Assumptions of Truth
The following are taken as ground truths by toml-test
:
- All tests classified as
invalid
are invalid. - All tests classified as
valid
are valid. - All expected outputs in
valid/test-name.json
are exactly correct. - The Go standard library package
encoding/json
decodes JSON correctly. - When testing encoders the BurntSushi/toml TOML decoder is assumed to be correct. (Note that this assumption is not made when testing decoders!)
Of particular note is that no TOML decoder is taken as ground truth when
testing decoders. This means that most changes to the spec will only require an
update of the tests in toml-test
. (Bigger changes may require an adjustment of
how two things are considered equal. Particularly if a new type of data is
added.) Obviously, this advantage does not apply to testing TOML encoders since
there must exist a TOML decoder that conforms to the specification in order to
read the output of a TOML encoder.
Usage without toml-test
binary
While the toml-test
tool is a convenient way to run the tests, you can also
re-implement its behaviour in your own language's test-suite, which may be an
easier way to run the tests.
Because multiple TOML versions are supported, not all tests are valid for every version of TOML; for example the 1.0.0 tests contain a test that trailing commas in tables are invalid, but in 1.1.0 this should be considered valid.

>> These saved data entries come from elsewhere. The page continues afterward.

Lemma Rq_f v : D v -> Rq (f v) = f (Rq v).
Proof.
move=> Dv; have DRv := Rq_in_dom v; have DfRv := fRq_in_dom v.
have DffRv : D (f (f (Rq v))).
  rewrite ffRq; apply: rlin_domB; last exact: rlin_domZ.
  by apply: rlin_domD => //; apply: rlin_domZ.
have <- : Qsf f a b (f (Rq v)) = f v.
  rewrite -{2}(QsfK v) /Qsf rlin_fD ?rlin_fB ?rlin_fZ //;
    by [apply: rlin_domZ | apply: rlin_domB => //; apply: rlin_domZ].
by rewrite Rq_Qsf // => -[|[|i]].
Qed.

Lemma Rq_iter k v : iter_dom k v -> Rq (iter k f v) = iter k f (Rq v).
Proof.
elim: k => [|k IH] Hv //=.
by rewrite Rq_f ?IH //; [apply: (iter_dom_le _ Hv) | apply: Hv].
Qed.

Lemma Rq_polyf (p : {poly R}) v : iter_dom (size p).-1 v ->
  Rq (polyf f p v) = polyf f p (Rq v).
Proof.
move=> Hv; rewrite /polyf (big_morph Rq RqD Rq0); apply: eq_bigr => -[i /= ip] _.
rewrite RqZ /powf Rq_iter //; apply: (iter_dom_le _ Hv).
by rewrite -ltnS prednK // (leq_ltn_trans _ ip).
Qed.

Section SequentialClosedness.
Variable cv : (nat -> V) -> V -> Prop.
Hypothesis cvD : forall u w x y, cv u x -> cv w y -> cv (fun k => u k + w k) (x + y).
Hypothesis cvZ : forall u x (c : R), cv u x -> cv (fun k => c *: u k) (c *: x).
Hypothesis cv_unique : forall u x y, cv u x -> cv u y -> x = y.
Hypothesis cv_cst0 : cv (fun _ => 0) 0.
Hypothesis Rq_cv : forall u x, cv u x -> cv (fun k => Rq (u k)) (Rq x).
Hypothesis fRq_cv : forall u x, cv u x -> cv (fun k => f (Rq (u k))) (f (Rq x)).
(* For any probability distributions $\mathbf{p},\mathbf{q}$ on $G_\Delta$ and any $\sigma>0$, $\mathrm{SIM}(\tilde H^\sigma_{\mathbf{p}},\tilde H^\sigma_{\mathbf{q}})\ge1-\frac{\sqrt{\mathrm{EMD}(\mathbf{p},\mathbf{q})}}{2\sigma}$.
   Context: $G_\Delta=\{(i/\Delta,j/\Delta):i,j\in\{0,\dots,\Delta-1\}\}$, $\tilde G_\Delta=\{(i/\Delta,j/\Delta):i,j\in\mathbb{Z}\}$. $\tilde H^\sigma_{\mathbf{p}}(a)=\sum_{a'\in G_\Delta}\frac1Z e^{-\|a-a'\|_2^2/(2\sigma^2)}\mathbf{p}(a')$ for $a\in\tilde G_\Delta$, $Z=\sum_{d\in\tilde G_\Delta}e^{-\|d\|_2^2/(2\sigma^2)}$. For probability distributions $P,Q$, the similarity metric is $\mathrm{SIM}(P,Q)=\sum_a\min(P(a),Q(a))=1-\mathrm{TV}(P,Q)$ with $\mathrm{TV}(P,Q)=\frac12\sum_a|P(a)-Q(a)|$. $\mathrm{EMD}(\mathbf{p},\mathbf{q})=\min_\gamma\sum_{x,y}\gamma(x,y)\|x-y\|_1$ over nonnegative couplings with marginals $\mathbf{p},\mathbf{q}$. *)

From HB Require Import structures.
From mathcomp Require Import all_boot all_order all_algebra.
From mathcomp Require Import all_classical all_reals all_analysis.
Set Implicit Arguments. Unset Strict Implicit. Unset Printing Implicit Defensive.
Import Order.TTheory GRing.Theory Num.Theory.
Local Open Scope classical_set_scope.
Local Open Scope ring_scope.

(* The grid G_Delta = {(i/D, j/D) : i,j in {0..D-1}} is indexed by 'I_D * 'I_D;
   the infinite grid tilde G_Delta = {(i/D, j/D) : i,j in Z} by int * int. *)
Definition gidx (D : nat) := ('I_D * 'I_D)%type.

Definition gpt {R : realType} (D : nat) (x : gidx D) : R * R :=
  ((nat_of_ord x.1)%:R / D%:R, (nat_of_ord x.2)%:R / D%:R).

Definition lpt {R : realType} (D : nat) (a : int * int) : R * R :=
  (a.1%:~R / D%:R, a.2%:~R / D%:R).

Definition sqdist {R : realType} (u v : R * R) : R :=
  (u.1 - v.1) ^+ 2 + (u.2 - v.2) ^+ 2.

Definition l1dist {R : realType} (u v : R * R) : R :=
  `|u.1 - v.1| + `|u.2 - v.2|.

Definition is_distr {R : realType} (D : nat) (p : {ffun gidx D -> R}) : Prop :=
  (forall x, 0 <= p x) /\ \sum_(x : gidx D) p x = 1.

(* Z = sum_{d in tilde G_Delta} exp(-||d||^2 / (2 sigma^2)) (a convergent
   series of positive terms; [fine] of its extended-real value) *)
Definition Zconst {R : realType} (D : nat) (sigma : R) : R :=
  fine (\esum_(d in [set: int * int])
          (expR (- sqdist (lpt D d) (0, 0) / (2 * sigma ^+ 2)))%:E).

Definition Htilde {R : realType} (D : nat) (sigma : R) (p : {ffun gidx D -> R})
    (a : int * int) : R :=
  \sum_(a' : gidx D)
     (Zconst D sigma)^-1 * expR (- sqdist (lpt D a) (gpt a') / (2 * sigma ^+ 2))
       * p a'.

Definition SIM {R : realType} (P Q : int * int -> R) : \bar R :=
  \esum_(a in [set: int * int]) (Order.min (P a) (Q a))%:E.

Definition is_coupling {R : realType} (D : nat) (p q : {ffun gidx D -> R})
    (g : {ffun gidx D * gidx D -> R}) : Prop :=
  (forall xy, 0 <= g xy) /\
  (forall x, \sum_(y : gidx D) g (x, y) = p x) /\
  (forall y, \sum_(x : gidx D) g (x, y) = q y).

Definition coupling_cost {R : realType} (D : nat)
    (g : {ffun gidx D * gidx D -> R}) : R :=
  \sum_(xy : gidx D * gidx D) g xy * l1dist (gpt xy.1) (gpt xy.2).

(* EMD(p,q) = min over couplings of the cost (the minimum is attained, so it
   equals the infimum) *)
Definition EMD {R : realType} (D : nat) (p q : {ffun gidx D -> R}) : R :=
  inf [set c | exists g, is_coupling p q g /\ c = coupling_cost g].

From HB Require Import structures.
From mathcomp Require Import all_boot all_order all_algebra.
From mathcomp Require Import all_classical all_reals all_analysis.
From mathcomp Require Import ring lra zify.
Import Order.TTheory GRing.Theory Num.Theory.
Set Implicit Arguments. Unset Strict Implicit. Unset Printing Implicit Defensive.
Local Open Scope classical_set_scope.
Local Open Scope ring_scope.

(* Any coupling g of p and q writes H_p and H_q as g-mixtures of the lattice Gaussians
   N_x centred at the grid points x, and min is jointly concave, so
   SIM(H_p, H_q) >= sum_(x,y) g(x,y) SIM(N_x, N_y).  The lattice is symmetric, hence the
   relative entropy of N_x to N_y is exactly |x - y|^2 / (2 sigma^2), although N_x is
   only a discretised Gaussian; Pinsker's inequality then gives
   SIM(N_x, N_y) >= 1 - |x - y| / (2 sigma).  On the unit square |x - y|^2 <= |x - y|_1,
   and Jensen's inequality for the square root followed by an infimum over couplings
   gives the bound.  Series over the lattice are handled through finite symmetric boxes
   exhausting Z^2. *)

Section ExpInequalities.
Variable R : realType.
Implicit Types (f df : R -> R) (x y L : R).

In short: you can't "just" copy all .toml and .json files from the tests/
directory. The easiest way to copy the correct files is to use -copy
:
# Default of TOML 1.0
% toml-test -copy ./tests
# Use TOML 1.1
% toml-test -copy ./tests -toml 1.1.0
Alternatively, the tests/files-toml-1.0.0 and tests/files-toml-1.1.0 files contain a list of files you should run for that TOML version. You can use them with something like:
<files-toml-1.0.0 while read l; do
mkdir -p ~/my-test/"$(dirname "$l")"
cp -r "$l" ~/my-test/"$l"
done
Adding tests
toml-test
was designed so that tests can be easily added and removed. As
mentioned above, tests are split into two groups: invalid and valid tests.

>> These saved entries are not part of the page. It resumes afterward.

(* In the EnSolver setting described in the context (ensemble of $M$ base models, output domain of size $N_{\mathcal{S}}$, threshold $\tau$ with $M(1-\tau)$ a positive integer, and assumptions of independence and (A1)–(A3)), the skip rate of the EnSolver $m$ satisfies $$p\left( m(x) = s_{\text{skip}} \right) > \alpha \sum_{i=0}^{k-1}\binom{M}{i}\beta_{\text{min}}^i (1-\beta_{\text{max}})^{M-i} + (1-\alpha) - \frac{N_{\mathcal{S}}-\alpha}{N_{\mathcal{S}}-1}\, \mathcal{E}(M, N_{\mathcal{S}}, \tau),$$ where $k = M(1-\tau) + 1$ and $x \sim p$.
   Context: Setting: $\mathcal{S}$ is a finite set of output strings with $N_{\mathcal{S}} = |\mathcal{S}| \ge 2$; inputs $x \in \mathcal{X}$ are drawn from a probability distribution $p$ on $\mathcal{X}$, each $x$ having a single correct output $s_x \in \mathcal{S}$. $\mathcal{X}$ is the disjoint union of the in-distribution set $\mathcal{X}^{\text{in}}$ and the out-of-distribution set $\mathcal{X}^{\text{out}}$, and $\alpha = p(x \in \mathcal{X}^{\text{in}})$. An ensemble consists of $M$ base models $m_1, \dots, m_M$, each of which produces a (random) prediction $m_i(x) \in \mathcal{S}$ on input $x$; probabilities are taken jointly over $x \sim p$ and the predictions, and the base models make their predictions independently of each other given the input (in particular conditionally on $x \in \mathcal{X}^{\text{in}}$ and conditionally on $x \in \mathcal{X}^{\text{out}}$). Let $\beta_i = p(m_i(x) = s_x \mid x \in \mathcal{X}^{\text{in}})$, $\beta_{\text{min}} = \min_i \beta_i$, $\beta_{\text{max}} = \max_i \beta_i$. Assumptions: (A1) $\beta_{\text{min}} > 1/N_{\mathcal{S}}$; (A2) for each $i$, conditionally on $x \in \mathcal{X}^{\text{in}}$, $m_i(x)$ equals each incorrect string $s \neq s_x$ with probability $(1-\beta_i)/(N_{\mathcal{S}}-1)$; (A3) for each $i$, conditionally on $x \in \mathcal{X}^{\text{out}}$, $m_i(x)$ equals each $s \in \mathcal{S}$ with probability $1/N_{\mathcal{S}}$. For $x$ and $s \in \mathcal{S}$, $n(x,s)$ is the number of base models with $m_i(x) = s$. The threshold $\tau \in (0,1]$ is such that $M(1-\tau)$ is a positive integer. The EnSolver $m$ acts as follows on input $x$: let $p_{\max} = \max_{s} n(x,s)/M$ and uncertainty $u = 1 - p_{\max}$; if $u < \tau$ it outputs a string $y$ maximizing $n(x,\cdot)$, otherwise it outputs a special skip symbol $s_{\text{skip}}$. The out-of-distribution error bound is $\mathcal{E}(M, N_{\mathcal{S}}, \tau) = \binom{M}{\lfloor M/2 \rfloor} (N_{\mathcal{S}})^{-M(1-\tau)}$. *)

From HB Require Import structures.
From mathcomp Require Import all_boot all_order all_algebra.
From mathcomp Require Import all_classical all_reals all_analysis.
Set Implicit Arguments. Unset Strict Implicit. Unset Printing Implicit Defensive.
Import Order.TTheory GRing.Theory Num.Theory.
Local Open Scope ring_scope.

Section EnSolver.
Variables (R : realType) (S : finType) (M : nat).

(* A vector of base-model predictions: t i = m_i(x). *)
Definition preds := {ffun 'I_M -> S}.

Definition nvotes (t : preds) (s : S) : nat := #|[set i | t i == s]|.

Definition maxvotes (t : preds) : nat := \max_(s : S) nvotes t s.

Definition pmax (t : preds) : R := (maxvotes t)%:R / M%:R.
Definition uncertainty (t : preds) : R := 1 - pmax t.

(* The EnSolver output: Some y (y maximizing n(x,.)) if u < tau,
   None = the skip symbol s_skip otherwise. *)
Definition ensolver (tau : R) (t : preds) : option S :=
  if uncertainty t < tau then [pick s | nvotes t s == maxvotes t] else None.

(* Conditional probability (given the input x) that the EnSolver skips,
   when base model i predicts according to the conditional pmf q i x,
   independently of the other base models given x. *)
Definition cond_skip_prob (T : Type) (q : 'I_M -> T -> S -> R) (tau : R)
  (x : T) : R :=
  \sum_(t : preds) (\prod_(i < M) q i x (t i)) * (ensolver tau t == None)%:R.

(* Out-of-distribution error bound  E(M, N, tau) = C(M, floor(M/2)) N^{-M(1-tau)},
   where K = M(1-tau) (a positive integer). *)
Definition err_bound (N K : nat) : R := 'C(M, M./2)%:R * (N%:R ^+ K)^-1.

End EnSolver.

From HB Require Import structures.
From mathcomp Require Import all_boot all_order all_algebra.
From mathcomp Require Import all_classical all_reals all_analysis.
From mathcomp Require Import measurable_realfun zify ring lra.
Set Implicit Arguments. Unset Strict Implicit. Unset Printing Implicit Defensive.
Import Order.TTheory GRing.Theory Num.Theory.
Local Open Scope classical_set_scope.
Local Open Scope ring_scope.

(* Given the input, the base models vote independently, and the EnSolver skips as soon as
   no string gets more than K = M(1 - tau) votes. By the union bound the conditional skip
   probability is at least 1 - sum_s P(n(x,s) > K), and P(n(x,s) > K) <= C(M,K+1) p^(K+1)
   when every model picks s with probability at most p (union over the (K+1)-sets of voters).
   Out of distribution p = 1/N for every s. In distribution the correct string contributes
   P(n(x,s_x) <= K) >= sum_(i <= K) C(M,i) bmin^i (1 - bmax)^(M-i), and each of the N - 1
   wrong strings has p = (1 - beta_i)/(N - 1) <= 1/N by (A1). Averaging the two bounds with
   weights alpha and 1 - alpha, the claim follows from C(M,K+1) <= C(M,floor(M/2)) and
   1/N < 1/(N - 1), the latter making the inequality strict. *)

Lemma leq_bin_succ n k : (k < n - k)%N -> ('C(n, k) <= 'C(n, k.+1))%N.
Proof.
move=> lt_k_nk; rewrite -(leq_pmul2l (ltn0Sn k)) mul_bin_left.
exact: leq_mul.
Qed.

Lemma leq_bin_half n k : ('C(n, k) <= 'C(n, n./2))%N.
Proof.
have n_halves : (odd n + (n./2 + n./2))%N = n by rewrite addnn odd_double_half.
have bin_half_low j : (j <= n./2)%N -> ('C(n, j) <= 'C(n, n./2))%N.
  move=> le_j_half.
  have : {in [pred i | i <= n./2]%N &, {homo binomial n : i l / i <= l}}%N.
    apply: homo_leq_in => //=; first exact: leq_trans.
    - by move=> i l _ le_l_half m /andP[_ /ltnW /leq_trans]; apply.
    - move=> i _; rewrite inE /= => le_i_half.
      by apply: leq_bin_succ; lia.
  by apply; rewrite ?inE.
have [/bin_half_low//|lt_half_k] := leqP k n./2.
have [le_kn|/bin_small->//] := leqP k n.
by rewrite -bin_sub //; apply: bin_half_low; lia.
Qed.

Lemma prodr_nat_bool (R : comPzSemiRingType) (I : finType) (b : I -> bool) :
  \prod_i (b i)%:R = [forall i, b i]%:R :> R.
Proof.
case: forallP => [all_b|/existsNP[i /negP/negbTE bi]].
  by apply: big1 => i _; rewrite all_b.
by rewrite (bigD1 i) //= bi mul0r.
Qed.

Lemma sum_mul_eq_indicator (R : pzSemiRingType) (S : finType) (F : S -> R) s :
  \sum_u F u * (u == s)%:R = F s.
Proof. by rewrite (bigD1 s) //= eqxx mulr1 big1 ?addr0 // => u /negbTE->; rewrite mulr0. Qed.

Lemma prodr_if_in (R : comPzSemiRingType) n (A : {set 'I_n}) (a b : R) :
  \prod_i (if i \in A then a else b) = a ^+ #|A| * b ^+ (n - #|A|).
Proof.
rewrite (bigID (mem A)) /=.
rewrite [X in X * _](eq_bigr (fun=> a)) => [|i ->//].
rewrite [X in _ * X](eq_bigr (fun=> b)) => [|i /negbTE->//].
rewrite !prodr_const; congr (_ * _ ^+ _).
transitivity #|~: A|; first by apply: eq_card => i; rewrite inE.
by have := cardsC A; rewrite card_ord; move: #|~: A| #|A|; lia.
Qed.

Lemma sumr_card_eq (R : pzSemiRingType) n j (x : R) :
  \sum_(A : {set 'I_n} | #|A| == j) x = 'C(n, j)%:R * x.
Proof. by rewrite sumr_const -[n in 'C(n, _)]card_ord -card_draws mulr_natl cardsE. Qed.

Lemma sumr_card_leq (R : pzSemiRingType) n K (G : nat -> R) :
  \sum_(A : {set 'I_n} | (#|A| <= K)%N) G #|A| = \sum_(j < K.+1) 'C(n, j)%:R * G j.
Proof.
rewrite (partition_big (fun A : {set 'I_n} => inord #|A| : 'I_K.+1) predT) //=.
apply: eq_bigr => j _; rewrite -sumr_card_eq.
transitivity (\sum_(A : {set 'I_n} | #|A| == j) G #|A|); last first.
  by apply: eq_bigr => A /eqP->.
apply: eq_bigl => A; case: (leqP #|A| K) => [le_AK|lt_KA] /=.
  by rewrite -val_eqE /= inordK.
by apply/esym/negbTE; rewrite neq_ltn (leq_trans (ltn_ord j) lt_KA) orbT.
Qed.

Definition voters (S : finType) (M : nat) (t : preds S M) (s : S) : {set 'I_M} :=
  [set i | t i == s].

Section Votes.
Variables (S : finType) (M : nat).
Implicit Types (t : preds S M) (s : S).

Lemma nvotes_le_sum_voters_eq (R : pzSemiRingType) t s K :
  (nvotes t s <= K)%N%:R = \sum_(A : {set 'I_M} | (#|A| <= K)%N) (voters t s == A)%:R :> R.
Proof.
rewrite big_mkcond (bigD1 (voters t s)) //= eqxx big1 ?addr0 => [|A]; first by case: ifP.
by rewrite eq_sym => /negbTE->; case: ifP.
Qed.

Lemma nvotes_gt_le_sum_subsets (R : numDomainType) t s K :
  (K < nvotes t s)%N%:R <= \sum_(A : {set 'I_M} | #|A| == K.+1) (A \subset voters t s)%:R :> R.
Proof.
have subsets_ge0 (P : pred {set 'I_M}) :
    0 <= \sum_(A | P A) (A \subset voters t s)%:R :> R.
  by apply: sumr_ge0 => A _; rewrite ler0n.
case: ltnP => // /card_geqP[r [uniq_r size_r sub_r]].
have card_r : #|[set i in r]| == K.+1 by rewrite cardsE (card_uniqP uniq_r) size_r.
have r_sub : [set i in r] \subset voters t s.
  by apply/fintype.subsetP => i; rewrite inE => /sub_r.
by rewrite (bigD1 _ card_r) /= r_sub lerDl.
Qed.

Invalid tests only check if a decoder rejects invalid TOML data. Or, in the
case of testing encoders, invalid tests only check if an encoder rejects an
invalid representation of TOML (e.g., a hetergeneous array). Therefore, all
invalid tests should try to test one thing and one thing only. Invalid tests
should be named after the fault it is trying to expose. Invalid tests for
decoders are in the tests/invalid
directory while invalid tests for encoders
are in the tests/invalid-encoder
directory.
Valid tests check that a decoder accepts valid TOML data and that the parser has the correct representation of the TOML data. Therefore, valid tests need a JSON encoding in addition to the TOML data. The tests should be small enough that writing the JSON encoding by hand will not give you brain damage. The exact reverse is true when testing encoders.
A valid test without either a .json
or .toml
file will automatically fail.
If you have tests that you'd like to add, please submit a pull request.
Why JSON?
In order for a language agnostic test suite to work, we need some kind of data exchange format. TOML cannot be used, as it would imply that a particular parser has a blessing of correctness.
My decision to use JSON was not a careful one. It was based on expediency. The
Go standard library has an excellent encoding/json
package built in, which
made it easy to compare JSON data.
The problem with JSON is that the types in TOML are not in one-to-one correspondence with JSON. This is why every TOML value represented in JSON is tagged with a type annotation, as described above.
YAML may be closer in correspondence with TOML, but I don't believe we should rely on that correspondence. Making things explicit with JSON means that writing tests is a little more cumbersome, but it also reduces the number of assumptions we need to make.